### [Exercise materials]
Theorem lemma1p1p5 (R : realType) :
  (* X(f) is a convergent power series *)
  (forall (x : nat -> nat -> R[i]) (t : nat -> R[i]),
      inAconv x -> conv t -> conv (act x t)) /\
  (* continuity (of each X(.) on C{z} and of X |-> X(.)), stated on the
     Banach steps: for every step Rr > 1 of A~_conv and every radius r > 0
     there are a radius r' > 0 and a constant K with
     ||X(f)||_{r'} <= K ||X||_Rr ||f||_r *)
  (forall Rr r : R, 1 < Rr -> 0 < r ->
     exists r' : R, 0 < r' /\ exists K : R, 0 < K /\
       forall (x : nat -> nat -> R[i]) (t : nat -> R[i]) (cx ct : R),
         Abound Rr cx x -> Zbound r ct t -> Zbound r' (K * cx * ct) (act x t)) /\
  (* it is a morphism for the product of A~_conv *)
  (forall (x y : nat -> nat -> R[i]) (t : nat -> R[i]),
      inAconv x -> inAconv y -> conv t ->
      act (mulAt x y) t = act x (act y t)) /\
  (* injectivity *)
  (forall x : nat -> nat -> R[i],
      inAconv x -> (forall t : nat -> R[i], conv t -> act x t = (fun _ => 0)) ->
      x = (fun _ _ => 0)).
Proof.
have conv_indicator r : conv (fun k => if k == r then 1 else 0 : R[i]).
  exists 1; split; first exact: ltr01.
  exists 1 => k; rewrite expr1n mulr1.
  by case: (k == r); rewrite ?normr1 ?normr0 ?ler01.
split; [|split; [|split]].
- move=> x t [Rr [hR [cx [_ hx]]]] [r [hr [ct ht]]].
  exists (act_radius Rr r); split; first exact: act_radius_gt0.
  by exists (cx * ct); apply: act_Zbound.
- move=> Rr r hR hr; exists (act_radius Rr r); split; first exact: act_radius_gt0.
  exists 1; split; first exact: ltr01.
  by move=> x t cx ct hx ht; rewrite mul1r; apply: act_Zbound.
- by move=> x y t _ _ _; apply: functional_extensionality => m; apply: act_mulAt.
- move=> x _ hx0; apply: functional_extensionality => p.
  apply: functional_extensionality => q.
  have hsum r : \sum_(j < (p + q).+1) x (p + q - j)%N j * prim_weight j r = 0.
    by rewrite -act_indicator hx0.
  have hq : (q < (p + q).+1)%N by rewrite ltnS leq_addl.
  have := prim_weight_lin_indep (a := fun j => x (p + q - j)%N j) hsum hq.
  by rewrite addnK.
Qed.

### [Task prompt]
Up to and including the line with "(* continuity (of", write out the records above exactly, starting from their first line.

### [The answer]
Theorem lemma1p1p5 (R : realType) :
  (* X(f) is a convergent power series *)
  (forall (x : nat -> nat -> R[i]) (t : nat -> R[i]),
      inAconv x -> conv t -> conv (act x t)) /\
  (* continuity (of each X(.) on C{z} and of X |-> X(.)), stated on the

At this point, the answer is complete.